### ABOUT THIS TASK
Give back exactly the line that contains "Lemma sum_delta_mulr (j" and all the lines after it in the records below, to the very last, with no other output.

### DATA FOR ANALYSIS
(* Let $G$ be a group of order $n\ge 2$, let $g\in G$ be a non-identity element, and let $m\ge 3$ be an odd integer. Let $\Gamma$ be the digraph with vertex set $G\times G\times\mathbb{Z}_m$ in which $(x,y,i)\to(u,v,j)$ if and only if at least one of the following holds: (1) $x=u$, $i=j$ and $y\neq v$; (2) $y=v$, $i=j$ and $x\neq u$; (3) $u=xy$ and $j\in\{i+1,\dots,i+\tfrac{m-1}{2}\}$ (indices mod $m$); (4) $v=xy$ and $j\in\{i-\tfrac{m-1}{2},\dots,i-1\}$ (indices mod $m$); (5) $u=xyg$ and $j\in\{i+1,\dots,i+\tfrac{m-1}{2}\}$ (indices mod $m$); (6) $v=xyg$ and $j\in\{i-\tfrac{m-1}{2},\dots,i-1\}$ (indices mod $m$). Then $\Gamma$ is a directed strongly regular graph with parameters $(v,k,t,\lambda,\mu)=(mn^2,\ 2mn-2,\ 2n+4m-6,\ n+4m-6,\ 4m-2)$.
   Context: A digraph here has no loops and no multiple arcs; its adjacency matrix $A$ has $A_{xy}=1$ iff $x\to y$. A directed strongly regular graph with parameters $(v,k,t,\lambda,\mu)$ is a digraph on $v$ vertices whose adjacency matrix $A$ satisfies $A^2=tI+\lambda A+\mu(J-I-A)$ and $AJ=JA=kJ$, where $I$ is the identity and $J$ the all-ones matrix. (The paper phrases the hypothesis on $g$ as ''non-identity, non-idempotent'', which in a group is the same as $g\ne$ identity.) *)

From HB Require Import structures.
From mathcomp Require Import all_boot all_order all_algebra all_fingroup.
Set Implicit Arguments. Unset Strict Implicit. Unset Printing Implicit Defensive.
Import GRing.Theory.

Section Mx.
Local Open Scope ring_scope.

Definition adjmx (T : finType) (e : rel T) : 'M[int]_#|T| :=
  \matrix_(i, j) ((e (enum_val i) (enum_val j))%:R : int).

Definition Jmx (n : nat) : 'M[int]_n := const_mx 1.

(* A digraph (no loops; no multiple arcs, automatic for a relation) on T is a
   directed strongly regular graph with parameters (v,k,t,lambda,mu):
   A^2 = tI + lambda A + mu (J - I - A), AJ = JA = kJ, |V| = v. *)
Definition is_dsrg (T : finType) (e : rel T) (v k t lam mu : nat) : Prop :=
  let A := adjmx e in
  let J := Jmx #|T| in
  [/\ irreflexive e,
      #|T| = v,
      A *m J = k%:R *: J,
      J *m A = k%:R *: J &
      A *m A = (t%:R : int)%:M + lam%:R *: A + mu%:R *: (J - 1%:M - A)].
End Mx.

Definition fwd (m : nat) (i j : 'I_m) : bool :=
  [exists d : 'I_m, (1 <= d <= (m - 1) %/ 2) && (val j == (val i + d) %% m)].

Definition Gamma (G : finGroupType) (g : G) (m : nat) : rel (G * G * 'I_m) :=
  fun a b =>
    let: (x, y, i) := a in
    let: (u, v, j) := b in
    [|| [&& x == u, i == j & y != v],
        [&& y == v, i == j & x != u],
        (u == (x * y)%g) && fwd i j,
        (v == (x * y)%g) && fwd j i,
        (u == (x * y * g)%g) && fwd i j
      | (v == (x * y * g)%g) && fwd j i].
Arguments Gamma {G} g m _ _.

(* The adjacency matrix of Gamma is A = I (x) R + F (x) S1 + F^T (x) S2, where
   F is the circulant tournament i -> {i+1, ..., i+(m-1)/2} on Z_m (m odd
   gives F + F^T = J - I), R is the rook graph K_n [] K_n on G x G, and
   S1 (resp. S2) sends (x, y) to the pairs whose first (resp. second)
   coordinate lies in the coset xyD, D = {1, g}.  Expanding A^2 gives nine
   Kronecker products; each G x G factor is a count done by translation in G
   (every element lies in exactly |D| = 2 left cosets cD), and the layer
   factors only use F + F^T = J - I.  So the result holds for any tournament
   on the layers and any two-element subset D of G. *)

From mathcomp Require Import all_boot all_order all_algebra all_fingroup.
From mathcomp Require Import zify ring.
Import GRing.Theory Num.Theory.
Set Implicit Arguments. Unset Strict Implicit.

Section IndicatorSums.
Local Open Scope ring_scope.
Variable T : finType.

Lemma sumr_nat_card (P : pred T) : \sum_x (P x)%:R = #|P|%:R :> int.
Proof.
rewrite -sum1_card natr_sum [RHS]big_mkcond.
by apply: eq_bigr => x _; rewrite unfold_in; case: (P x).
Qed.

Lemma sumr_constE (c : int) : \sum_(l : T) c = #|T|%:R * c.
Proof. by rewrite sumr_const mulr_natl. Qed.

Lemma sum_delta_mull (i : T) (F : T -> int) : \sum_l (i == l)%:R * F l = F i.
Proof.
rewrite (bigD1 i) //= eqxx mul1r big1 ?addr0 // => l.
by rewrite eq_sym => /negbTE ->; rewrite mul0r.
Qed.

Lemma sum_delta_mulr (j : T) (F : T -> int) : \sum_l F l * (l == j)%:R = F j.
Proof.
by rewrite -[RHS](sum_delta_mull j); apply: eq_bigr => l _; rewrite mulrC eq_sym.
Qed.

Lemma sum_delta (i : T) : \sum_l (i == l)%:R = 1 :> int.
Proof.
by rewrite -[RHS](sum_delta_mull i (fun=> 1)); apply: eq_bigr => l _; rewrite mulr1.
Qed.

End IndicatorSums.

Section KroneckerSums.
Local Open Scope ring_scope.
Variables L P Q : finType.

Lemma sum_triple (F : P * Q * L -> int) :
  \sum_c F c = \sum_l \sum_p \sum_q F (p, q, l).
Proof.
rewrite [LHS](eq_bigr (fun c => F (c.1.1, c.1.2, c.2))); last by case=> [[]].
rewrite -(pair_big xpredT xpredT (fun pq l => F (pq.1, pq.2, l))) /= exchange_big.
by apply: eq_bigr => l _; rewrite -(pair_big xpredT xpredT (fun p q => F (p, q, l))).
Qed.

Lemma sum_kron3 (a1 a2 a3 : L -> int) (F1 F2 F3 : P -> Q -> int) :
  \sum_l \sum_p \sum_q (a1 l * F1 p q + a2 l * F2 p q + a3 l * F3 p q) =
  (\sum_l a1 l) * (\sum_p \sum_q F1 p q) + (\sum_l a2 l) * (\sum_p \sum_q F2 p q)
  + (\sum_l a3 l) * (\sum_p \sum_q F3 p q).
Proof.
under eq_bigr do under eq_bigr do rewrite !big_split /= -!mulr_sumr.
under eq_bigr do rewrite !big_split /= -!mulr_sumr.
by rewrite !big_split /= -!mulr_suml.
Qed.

### FINAL ANSWER
Lemma sum_delta_mulr (j : T) (F : T -> int) : \sum_l F l * (l == j)%:R = F j.
Proof.
by rewrite -[RHS](sum_delta_mull j); apply: eq_bigr => l _; rewrite mulrC eq_sym.
Qed.

Lemma sum_delta (i : T) : \sum_l (i == l)%:R = 1 :> int.
Proof.
by rewrite -[RHS](sum_delta_mull i (fun=> 1)); apply: eq_bigr => l _; rewrite mulr1.
Qed.

End IndicatorSums.

Section KroneckerSums.
Local Open Scope ring_scope.
Variables L P Q : finType.

Lemma sum_triple (F : P * Q * L -> int) :
  \sum_c F c = \sum_l \sum_p \sum_q F (p, q, l).
Proof.
rewrite [LHS](eq_bigr (fun c => F (c.1.1, c.1.2, c.2))); last by case=> [[]].
rewrite -(pair_big xpredT xpredT (fun pq l => F (pq.1, pq.2, l))) /= exchange_big.
by apply: eq_bigr => l _; rewrite -(pair_big xpredT xpredT (fun p q => F (p, q, l))).
Qed.

Lemma sum_kron3 (a1 a2 a3 : L -> int) (F1 F2 F3 : P -> Q -> int) :
  \sum_l \sum_p \sum_q (a1 l * F1 p q + a2 l * F2 p q + a3 l * F3 p q) =
  (\sum_l a1 l) * (\sum_p \sum_q F1 p q) + (\sum_l a2 l) * (\sum_p \sum_q F2 p q)
  + (\sum_l a3 l) * (\sum_p \sum_q F3 p q).
Proof.
under eq_bigr do under eq_bigr do rewrite !big_split /= -!mulr_sumr.
under eq_bigr do rewrite !big_split /= -!mulr_sumr.
by rewrite !big_split /= -!mulr_suml.
Qed.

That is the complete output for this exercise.